KELLER WINS FREEDMAN

It was enough to make you look twice: philanthropy toward jazz? Australia doesn’t have much of a philanthropic tradition, at least compared with America where the vigor of capitalism is offset a little by an onus on the very rich to contribute directly toward the public good. Against this background in Australia it was even more surprising to see the advent of the Freedman Foundation Jazz Fellowship, the inaugural presentation of which went to Melbourne pianist Andrea Keller recently at a special concert at the Sydney Opera House.

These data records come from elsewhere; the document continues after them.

(* A Hankel matrix (h (i + j)) whose anti-diagonal is 1 and which vanishes
   above it is invertible: reversing its columns makes it unitriangular. *)
Lemma hankel_unit (F : fieldType) d (h : nat -> F) :
  (forall k, (k < d)%N -> h k = (k == d.-1)%:R) ->
  \matrix_(i < d, j < d) h (i + j)%N \in unitmx.
Proof.
move=> h_low; set H := \matrix_(i, j) _.
pose s : 'S_d := perm (@rev_ord_inj d).
suff : col_perm s H \in unitmx by rewrite col_permE unitmx_mul => /andP [].
have rev_diag (i : 'I_d) : (i + (d - i.+1) = d.-1)%N by move: (ltn_ord i); lia.
have rev_upper (i j : 'I_d) : (i < j)%N -> (i + (d - j.+1) < d.-1)%N.
  by move: (ltn_ord j); lia.
rewrite unitmxE det_trig.
  rewrite big1 ?unitr1 // => i _; rewrite !mxE permE /= rev_diag h_low ?eqxx //.
  by rewrite ltn_predL (leq_ltn_trans _ (ltn_ord i)).
apply/forallP => i; apply/forallP => j; apply/implyP => lt_ij.
rewrite !mxE permE /= h_low; first by rewrite ltn_eqF ?rev_upper.
rewrite (ltn_trans (rev_upper _ _ lt_ij)) //.
by rewrite ltn_predL (leq_ltn_trans _ (ltn_ord i)).
Qed.

Lemma congruence_sym (F : fieldType) k l (P : 'M[F]_(k, l)) (M : 'M_k) :
  row_free P -> (P^T *m M *m P)^T = P^T *m M *m P -> M^T = M.
Proof.
move=> P_free; rewrite !trmx_mul trmxK mulmxA => /(row_free_inj P_free) sym.
by apply: (row_free_inj P_free); apply: trmx_inj; rewrite !trmx_mul trmxK sym.
Qed.

(* (ii) If a is cyclic (minimal = characteristic polynomial), every
   intertwiner g a = a^T g is symmetric: in a cyclic basis for a^T the form
   g becomes a Hankel matrix. *)
Lemma cyclic_intertwiner_sym (F : fieldType) n (a : 'M[F]_n.+1) :
  mxminpoly a = char_poly a -> forall g, g *m a = a^T *m g -> g^T = g.
Proof.
move=> min_char g ga; have [w w_gen] := cyclic_vector a^T.
have size_p : size (mxminpoly a^T) = n.+2.
  by rewrite mxminpoly_tr min_char size_char_poly.
have Q_free : row_free (krylov w a^T n.+1)^T.
  by rewrite row_free_unit unitmx_tr -row_free_unit (krylov_free size_p w_gen).
apply: (congruence_sym Q_free); rewrite trmxK; apply/matrixP => i j.
rewrite mxE !krylov_form_entry !trmxK -!(mulmxA w) -!intertwinerX //.
have expM k l : a ^+ k *m a ^+ l = a ^+ (k + l) by rewrite exprD mulmxE.
by rewrite -!mulmxA !(mulmxA (a ^+ _)) !expM addnC.
Qed.

Lemma stablemx_conjmx (F : fieldType) m k (V : 'M[F]_(m, k)) (f : 'M_k) :
  stablemx V f -> V *m f = conjmx V f *m V.
Proof. by move=> Vf; rewrite mulmxKpV. Qed.

(* Splitting off the cyclic submodule generated by a vector v whose
   annihilator is the minimal polynomial: K spans it, and the kernel of the
   dual Krylov matrix Lt^T (Lt built from a vector phi dual to the last row
   of K) is an a-stable complement N. *)
Section CyclicSummand.
Variables (F : fieldType) (n : nat) (a : 'M[F]_n.+1) (v : 'rV[F]_n.+1).
Hypothesis v_gen : ann_gen a v (mxminpoly a).

Local Notation d := (degree_mxminpoly a).
Local Notation K := (krylov v a d).
Let e : 'rV[F]_d := \row_(j < d) ((j : nat) == d.-1)%:R.
Let phi := e *m pinvmx K^T.
Local Notation Lt := (krylov phi a^T d).
Let H := K *m Lt^T.

Lemma summand_free : row_free K.
Proof. exact: krylov_free (size_mxminpoly a) v_gen. Qed.

Lemma summand_stable : stablemx K a.
Proof.
by apply: krylov_stable (size_mxminpoly a); rewrite mx_root_minpoly mulmx0.
Qed.

(* phi exists because K has full column rank d. *)
Lemma summand_dual : K *m phi^T = e^T.
Proof.
have e_K : (e <= K^T)%MS.
  by apply: submx_full; rewrite /row_full mxrank_tr (eqP summand_free).
by rewrite -[K]trmxK -trmx_mul mulmxKpV.
Qed.

Lemma dual_pairing (i : 'I_d) :
  (v *m a ^+ i *m phi^T) 0 0 = (i == d.-1 :> nat)%:R.
Proof.
by rewrite -(rowK (fun j : 'I_d => v *m a ^+ j) i) -row_mul summand_dual !mxE.
Qed.

Lemma summand_form k : K *m a ^+ k *m Lt^T =
  \matrix_(i < d, j < d) (v *m a ^+ (i + k + j) *m phi^T) 0 0.
Proof.
apply/matrixP => i j; rewrite krylov_form_entry trmxK !mxE !exprD.
by rewrite -!mulmxE !mulmxA.
Qed.

Lemma summand_form_sym k : (K *m a ^+ k *m Lt^T)^T = K *m a ^+ k *m Lt^T.
Proof.
rewrite summand_form; apply/matrixP => i j; rewrite !mxE.
by have -> : (j + k + i = i + k + j)%N by lia.
Qed.

Lemma pairing_sym : H^T = H.
Proof. by have := summand_form_sym 0; rewrite expr0 mulmx1. Qed.

Lemma pairing_unit : H \in unitmx.
Proof.
have -> : H = \matrix_(i < d, j < d) (v *m a ^+ (i + j) *m phi^T) 0 0.
  have := summand_form 0; rewrite expr0 mulmx1 -/H => ->.
  by apply/matrixP => i j; rewrite !mxE addn0.
apply: (@hankel_unit F d (fun l => (v *m a ^+ l *m phi^T) 0 0)) => l lt_ld.
exact: (dual_pairing (Ordinal lt_ld)).
Qed.

Lemma pairing_intertwine : conjmx K a *m H = H *m (conjmx K a)^T.
Proof.
have KaLt : conjmx K a *m H = K *m a ^+ 1 *m Lt^T.
  by rewrite /H mulmxA -stablemx_conjmx ?summand_stable // expr1.
by rewrite -[in RHS]pairing_sym -trmx_mul KaLt summand_form_sym.
Qed.

Local Notation N := (row_base (kermx Lt^T)).
Local Notation m := (\rank (kermx Lt^T)).

Lemma dual_stable : stablemx Lt a^T.
Proof.
apply: krylov_stable (size_mxminpoly a).
by rewrite horner_mx_tr mx_root_minpoly trmx0 mulmx0.
Qed.

Lemma complement_stable : stablemx N a.
Proof.
rewrite stablemx_row_base; apply/sub_kermxP.
have aLt : a *m Lt^T = Lt^T *m (conjmx Lt a^T)^T.
  move/(congr1 trmx): (stablemx_conjmx dual_stable).
  by rewrite trmx_mul [in RHS]trmx_mul trmxK.
by rewrite -mulmxA aLt mulmxA mulmx_ker mul0mx.
Qed.

(* H invertible forces Lt^T to have rank d, so N has dimension n + 1 - d. *)
Lemma complement_dim : (d + m = n.+1)%N.
Proof.
have rank_Lt : \rank Lt^T = d.
  apply/eqP; rewrite eqn_leq rank_leq_col /=.
  by rewrite -{1}(mxrank_unit pairing_unit) mxrankM_maxr.
have le_dn : (d <= n.+1)%N by rewrite -(eqP summand_free) rank_leq_col.
by rewrite mxrank_ker rank_Lt subnKC.
Qed.

Lemma summand_complement_free : row_free (col_mx K N).
Proof.
have capKN : (K :&: N = 0)%MS.
  apply/eqP; rewrite -submx0; apply/rV_subP => x; rewrite sub_capmx.
  case/andP => /submxP [y ->]; rewrite eq_row_base => /sub_kermxP.
  rewrite -mulmxA -/H => yH; have -> : y = 0.
    by rewrite -[y]mulmx1 -(mulmxV pairing_unit) mulmxA yH mul0mx.
  by rewrite mul0mx sub0mx.
rewrite /row_free -addsmxE mxrank_disjoint_sum // (eqP summand_free).
by rewrite (eqP (row_base_free _)).
Qed.

(* If N is nonzero, some nonzero Y carries the action of a on N to that on K:
   the Krylov matrix of any nonzero u in N obeys the recurrence of K. *)
Lemma complement_hom : (0 < m)%N ->
  exists2 Y : 'M_(d, m), Y != 0 & Y *m conjmx N a = conjmx K a *m Y.
Proof.
move=> m_gt0; pose u := row (Ordinal m_gt0) N.
have u_nz : u != 0.
  apply: contraTneq (row_base_free (kermx Lt^T)) => u0; apply/row_freePn.
  by exists (Ordinal m_gt0); rewrite -/u u0 sub0mx.
have uKa : krylov u a d *m a = conjmx K a *m krylov u a d.
  apply: krylov_intertwine v_gen (size_mxminpoly a) _ _.
    exact: stablemx_conjmx summand_stable.
  by rewrite mx_root_minpoly mulmx0.
have uK_N : (krylov u a d <= N)%MS.
  apply/row_subP => i; rewrite rowK; elim: (i : nat) => [|k IHk].
    by rewrite expr0 mulmx1 row_sub.
  rewrite exprSr -mulmxE mulmxA.
  exact: submx_trans (submxMr a IHk) complement_stable.
have YN : krylov u a d *m pinvmx N *m N = krylov u a d by rewrite mulmxKpV.
exists (krylov u a d *m pinvmx N).
  apply: contra_neq u_nz => Y0.
  have := congr1 (row (Ordinal (mxminpoly_nonconstant a))) YN.
  by rewrite Y0 mul0mx row0 rowK expr0 mulmx1 => <-.
apply: (row_free_inj (row_base_free (kermx Lt^T))).
rewrite -mulmxA -stablemx_conjmx ?complement_stable //.
by rewrite mulmxA YN uKa -mulmxA YN.
Qed.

Keller, 28, studied classical piano, flute and saxophone at the NSW Conservatorium High School. After a year majoring in composition at Wollongong University, she graduated with a Bachelor of Music Performance in Improvisation from the Victorian College of the Arts in 1995 where she has been teaching since 1996. In 1997 she formed a contemporary improvisation duo with arco double bassist Anita Hustas. They toured Sydney and Brisbane last April and the Andrea Keller Quintet released its first CD this year (see review below). :

The award comprises cash of $15,000, assistance in the development of promotional materials of up to $5,000, workshops and career consultations to assist with the non-musical aspects of career-building, and active support from the Music Council of Australia personnel during the fellowship period.

The jury members were Dale Barlow, Jonathan Zwartz and Mike Nock. According to Nock, it was “an extremely difficult decision as the standard was so uniformly high, but in the end the judges unanimously awarded the fellowship to Andrea.”

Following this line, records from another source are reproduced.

Lemma visc_sub_ge_min_barriers_degenerate u : (forall x, 0 < x < 1 -> lo x = hi x) ->
  cont_on01 u -> visc_sub H a u -> g 1 <= u 1 -> forall s, 0 <= s <= 1 -> w s <= u s.
Proof.
  intros Heq Hu Hsub Hu1 s Hs.
  assert (Hdec : visc_sub (fun _ p => p) 0 (fun x => u x - g x)).
  { apply (visc_sub_shift H a _ _ u g lo Hsub (conj Hg Hlo)).
    intros x p Hx Hp. apply Hle in Hp; [|exact Hx]. rewrite (Heq x Hx) in Hp. lra. }
  pose proof (nonincreasing_of_visc_sub _
    (cont_on01_minus u g Hu (continuity_of_derivable_pt_lim g lo Hg)) Hdec s 1
    ltac:(lra) ltac:(lra) ltac:(lra)).
  pose proof (Rmin_r (f s) (g s)). simpl. lra.
Qed.

(* The test function [g + smin e (f - g)] lies below [w] and within [e / 2] of
   it, and its slope is a strict convex combination of [lo] and [hi]. *)
Lemma visc_super_ge_min_barriers u : (forall x, 0 < x < 1 -> lo x < hi x) ->
  cont_on01 u -> visc_super H a u -> w 0 <= u 0 -> w 1 <= u 1 ->
  forall s, 0 <= s <= 1 -> w s <= u s.
Proof.
  intros Hstrict Hu Hsup Hu0 Hu1 s Hs.
  destruct (Rle_dec (w s) (u s)) as [|Hgt]; [assumption|]. exfalso.
  set (e := w s - u s). assert (He : 0 < e) by (unfold e; lra).
  set (psi := fun y => g y + smin e (f y - g y)).
  set (dpsi := fun y => lo y + smin' e (f y - g y) * (hi y - lo y)).
  assert (Hpsi : Defs.C1 psi dpsi).
  { split; intro y.
    - apply derivable_pt_lim_plus; [apply Hg|].
      exact (derivable_pt_lim_comp (fun y => f y - g y) (smin e) y _ _
        (derivable_pt_lim_minus f g y _ _ (Hf y) (Hg y)) (derivable_pt_lim_smin e He _)).
    - assert (Hfg : continuity (fun y => f y - g y)).
      { apply continuity_minus; eapply continuity_of_derivable_pt_lim; eauto. }
      apply continuity_pt_plus; [apply Hlo|]. apply continuity_pt_mult.
      + apply (continuity_pt_comp (fun y => f y - g y)); [apply Hfg|apply continuity_smin', He].
      + apply continuity_pt_minus; auto. }
  assert (Hbelow : forall y, psi y <= w y).
  { intro y. pose proof (smin_le_Rmin e He (f y - g y)). unfold psi. simpl.
    unfold_Rmin_Rmax; lra. }
  assert (Hnear : w s - e / 2 <= psi s).
  { pose proof (Rmin_le_smin e He (f s - g s)). unfold psi. simpl.
    unfold_Rmin_Rmax; lra. }
  assert (Hcont : cont_on01 (fun y => u y - psi y)).
  { apply cont_on01_minus; [exact Hu|]. eapply continuity_of_derivable_pt_lim, Hpsi. }
  destruct (cont_on01_argmin _ 0 1 Hcont ltac:(lra) ltac:(lra) ltac:(lra)) as [t [Ht Hmin]].
  pose proof (Hmin s Hs). pose proof (Hbelow 0). pose proof (Hbelow 1).
  assert (Ht0 : 0 < t) by (destruct (Req_dec t 0) as [->|]; unfold e in *; lra).
  assert (Ht1 : t < 1) by (destruct (Req_dec t 1) as [->|]; unfold e in *; lra).
  assert (Hloc : loc_min01 u psi t).
  { exists 1; split; [lra|]. intros y Hy _. apply Hmin. lra. }
  specialize (Hsup t psi dpsi ltac:(lra) Hpsi Hloc).
  assert (Hslope : lo t < dpsi t < hi t).
  { pose proof (smin'_bounds e He (f t - g t)). specialize (Hstrict t ltac:(lra)).
    unfold dpsi. split; nra. }
  apply Hlt in Hslope; [lra|lra].
Qed.

Lemma visc_sol_eq_min_barriers u :
  (forall x, 0 < x < 1 -> lo x < hi x) \/ (forall x, 0 < x < 1 -> lo x = hi x) ->
  cont_on01 u -> visc_sol H a u -> u 0 = f 0 -> u 1 = g 1 ->
  forall s, 0 <= s <= 1 -> u s = w s.
Proof.
  intros Hcase Hu [_ [Hsub Hsup]] Hu0 Hu1 s Hs.
  apply Rle_antisym; [apply (visc_sub_le_min_barriers u); auto; lra|].
  destruct Hcase as [Hstrict|Hdeg].
  - apply (visc_super_ge_min_barriers u); auto; simpl.
    + pose proof (Rmin_l (f 0) (g 0)); lra.
    + pose proof (Rmin_r (f 1) (g 1)); lra.
  - apply (visc_sub_ge_min_barriers_degenerate u); auto; lra.
Qed.

End MinOfBarriers.

Definition sublevel_interval (H : R -> R -> R) (a : R) (lo hi : R -> R) : Prop :=
  forall s, 0 <= s <= 1 ->
    H s (lo s) = a /\ H s (hi s) = a /\
    (forall p, H s p <= a <-> lo s <= p <= hi s) /\
    (forall p, H s p < a <-> lo s < p < hi s).

Lemma sublevel_interval_lo_le_hi H a lo hi s : sublevel_interval H a lo hi ->
  0 <= s <= 1 -> lo s <= hi s.
Proof.
  intros Hsl Hs. destruct (Hsl s Hs) as [_ [Ehi [Hle _]]].
  pose proof (proj1 (Hle (hi s)) ltac:(lra)). lra.
Qed.

Definition Hrefl (H : R -> R -> R) (s p : R) : R := H s (- p).

Lemma cont_on_strip_refl H : cont_on_strip H -> cont_on_strip (Hrefl H).
Proof.
  intros Hc s p Hs eps Heps. destruct (Hc s (- p) Hs eps Heps) as [d [Hd Hnear]].
  exists d; split; [exact Hd|]. intros s' p' Hs' Hss Hpp. apply Hnear; auto.
  replace (- p' - - p) with (- (p' - p)) by ring. now rewrite Rabs_Ropp.
Qed.

Lemma coercive_refl H : coercive H -> coercive (Hrefl H).
Proof.
  intros Hco M. destruct (Hco M) as [K HK]. exists K. intros s p Hs Hp.
  apply HK; [exact Hs|]. now rewrite Rabs_Ropp.
Qed.

Lemma quasiconvex_refl H : quasiconvex H -> quasiconvex (Hrefl H).
Proof.
  intros Hq s b p q t Hs Hp Hq' Ht. unfold Hrefl.
  replace (- (t * p + (1 - t) * q)) with (t * - p + (1 - t) * - q) by ring. now apply Hq.
Qed.

Lemma sublevel_interval_refl H a lo hi : sublevel_interval H a lo hi ->
  sublevel_interval (Hrefl H) a (fun s => - hi s) (fun s => - lo s).
Proof.
  intros Hsl s Hs. destruct (Hsl s Hs) as [Elo [Ehi [Hle Hlt]]]. unfold Hrefl.
  rewrite !Ropp_involutive. do 2 (split; [assumption|]).
  split; intro p; [rewrite Hle|rewrite Hlt]; lra.
Qed.

Lemma quasiconvex_between H s b x y z : quasiconvex H -> 0 <= s <= 1 ->
  H s x <= b -> H s y <= b -> x <= z <= y -> H s z <= b.
Proof.
  intros Hq Hs Hx Hy Hz. destruct (Req_dec x y) as [<-|Hne].
  - replace z with x by lra. exact Hx.
  - set (t := (y - z) / (y - x)).
    replace z with (t * x + (1 - t) * y) by (unfold t; field; lra).
    apply Hq; try assumption. unfold t; split.
    + apply Rdiv_le_0_compat; lra.
    + apply Rmult_le_reg_r with (y - x); [lra|]. unfold Rdiv.
      rewrite Rmult_assoc, Rinv_l by lra. lra.
Qed.

Lemma cont_on_strip_slice_p H s : cont_on_strip H -> 0 <= s <= 1 -> continuity (H s).
Proof.
  intros Hc Hs p. apply continuity_pt_eps. intros eps Heps.
  destruct (Hc s p Hs eps Heps) as [d [Hd Hnear]]. exists d; split; [exact Hd|].
  intros q Hq. apply Hnear; [exact Hs| |exact Hq]. rewrite Rminus_diag, Rabs_R0; lra.
Qed.

Lemma cont_on_strip_slice_s H p s0 eps : cont_on_strip H -> 0 <= s0 <= 1 -> 0 < eps ->
  exists d, 0 < d /\ forall s, 0 <= s <= 1 -> Rabs (s - s0) < d ->
    Rabs (H s p - H s0 p) < eps.
Proof.
  intros Hc Hs0 Heps. destruct (Hc s0 p Hs0 eps Heps) as [d [Hd Hnear]].
  exists d; split; [exact Hd|]. intros s Hs Hss. apply Hnear; auto.
  rewrite Rminus_diag, Rabs_R0; lra.
Qed.

Lemma exists_level_above H s a p : cont_on_strip H -> coercive H -> 0 <= s <= 1 ->
  H s p <= a -> exists q, p <= q /\ H s q = a.
Proof.
  intros Hc Hco Hs Hp. destruct (Req_dec (H s p) a) as [E|Ne]; [now exists p; split; [lra|]|].
  destruct (Hco a) as [K HK].
  set (q := Rmax p K + 1).
  assert (Hpq : p < q) by (unfold q; pose proof (Rmax_l p K); lra).
  assert (Hq : a < H s q)
    by (apply HK; [exact Hs|]; unfold q; pose proof (Rmax_r p K); unfold_Rabs; lra).
  destruct (IVT (fun r => H s r - a) p q
    (continuity_minus _ _ (cont_on_strip_slice_p H s Hc Hs)
       (continuity_const (fun _ => a) (fun _ _ => eq_refl)))
    Hpq ltac:(lra) ltac:(lra)) as [z [Hz Ez]].
  exists z; split; lra.
Qed.

Lemma sublevel_interval_of_level_extrema H a lo hi :
  cont_on_strip H -> coercive H -> quasiconvex H ->
  (forall s b p, 0 <= s <= 1 -> (interior (fun q => H s q <= b) p <-> H s p < b)) ->
  (forall s, 0 <= s <= 1 -> is_max_of (fun p => H s p = a) (hi s)) ->
  (forall s, 0 <= s <= 1 -> is_min_of (fun p => H s p = a) (lo s)) ->
  sublevel_interval H a lo hi.
Proof.
  intros Hc Hco Hq Hint Hhi Hlo s Hs.
  destruct (Hhi s Hs) as [Ehi Mhi]. destruct (Hlo s Hs) as [Elo Mlo].
  assert (Hle : forall p, H s p <= a <-> lo s <= p <= hi s).
  { intro p; split.
    - intro Hp. split.
      + destruct (exists_level_above (Hrefl H) s a (- p) (cont_on_strip_refl H Hc)
          (coercive_refl H Hco) Hs ltac:(unfold Hrefl; rewrite Ropp_involutive; exact Hp))
          as [q [Hpq Eq]].
        specialize (Mlo (- q) Eq). lra.
      + destruct (exists_level_above H s a p Hc Hco Hs Hp) as [q [Hpq Eq]].
        specialize (Mhi q Eq). lra.
    - intro Hp. apply (quasiconvex_between H s a (lo s) (hi s) p Hq Hs); lra. }
  do 3 (split; [assumption|]). intro p; split.
  - intro Hp. apply (Hint s a p Hs) in Hp. destruct Hp as [[d Hd] Hin].
    unfold included, disc in Hin; simpl in Hin.
    assert (A1 := Hin (p + d / 2) ltac:(unfold_Rabs; lra)).
    assert (A2 := Hin (p - d / 2) ltac:(unfold_Rabs; lra)).
    apply Hle in A1. apply Hle in A2. lra.
  - intro Hp. apply (Hint s a p Hs).
    exists (mkposreal _ (Rmin_pos (p - lo s) (hi s - p) ltac:(lra) ltac:(lra))).
    intros y Hy. unfold disc in Hy; simpl in Hy.
    apply Hle. unfold_Rmin_Rmax; unfold_Rabs; lra.
Qed.

Section SublevelContinuity.

Variables (H : R -> R -> R) (a : R) (lo hi : R -> R).

(* If [hi] jumped up near [s0], quasiconvexity at a level [c] slightly above [a]
   would keep [H s (hi s0 + eps) <= c], against continuity in [s]. *)
Lemma hi_usc s0 eps : cont_on_strip H -> quasiconvex H -> sublevel_interval H a lo hi ->
  0 <= s0 <= 1 -> 0 < eps ->
  exists d, 0 < d /\ forall s, 0 <= s <= 1 -> Rabs (s - s0) < d -> hi s < hi s0 + eps.
Proof.
  intros Hc Hq Hsl Hs0 Heps. destruct (Hsl s0 Hs0) as [_ [Ehi [Hle _]]].
  assert (Hgt : a < H s0 (hi s0 + eps)).
  { destruct (Rlt_le_dec a (H s0 (hi s0 + eps))) as [|Hl]; [assumption|].
    apply Hle in Hl. lra. }
  set (c := (a + H s0 (hi s0 + eps)) / 2).
  assert (Hc1 : a < c) by (unfold c; lra). assert (Hc2 : c < H s0 (hi s0 + eps)) by (unfold c; lra).
  destruct (cont_on_strip_slice_s H (hi s0) s0 (c - a) Hc Hs0 ltac:(lra)) as [d1 [Hd1 N1]].
  destruct (cont_on_strip_slice_s H (hi s0 + eps) s0 (H s0 (hi s0 + eps) - c) Hc Hs0
    ltac:(lra)) as [d2 [Hd2 N2]].
  exists (Rmin d1 d2); split; [now apply Rmin_pos|].
  intros s Hs Hss. destruct (Rlt_le_dec (hi s) (hi s0 + eps)) as [|Hge]; [assumption|]. exfalso.
  specialize (N1 s Hs ltac:(pose proof (Rmin_l d1 d2); lra)).
  specialize (N2 s Hs ltac:(pose proof (Rmin_r d1 d2); lra)).
  destruct (Hsl s Hs) as [_ [Ehis _]].
  assert (H s (hi s0 + eps) <= c).
  { apply (quasiconvex_between H s c (hi s0) (hi s)); [exact Hq|exact Hs| |lra|lra].
    unfold_Rabs; lra. }
  unfold_Rabs; lra.
Qed.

The other finalists were Matt McMahon (pianist, Sydney), Jamie Oehlers (the Melbourne-based tenorist, now with a new CD – see below) and highly-ranked Sydney trumpeter Phil Slater.

At the Freedman Jazz concert I thought Jamie Oehlers played extremely well and would have been a worthy winner too.

The Music Council of Australia Freedman Music Fellowships are not the typical fellowships for emerging artists, but are for musicians up to 35 years of age who are at the top of their profession in Australia and are ready for international exposure. The awards - the first such awards specifically set up for jazz - will support programs proposed by the candidates, which range from embarking on an international career to developing more opportunities for music in Australia.

Dick Letts, Music Council Director, said Australian jazz seems to be entering a golden period. “There has never been such a depth and diversity of jazz talent here. Unfortunately, this is not matched by the opportunities for these great musicians to perform. The MCA/Freedman Fellowship will bring more prestige to the winner and to Australian jazz.”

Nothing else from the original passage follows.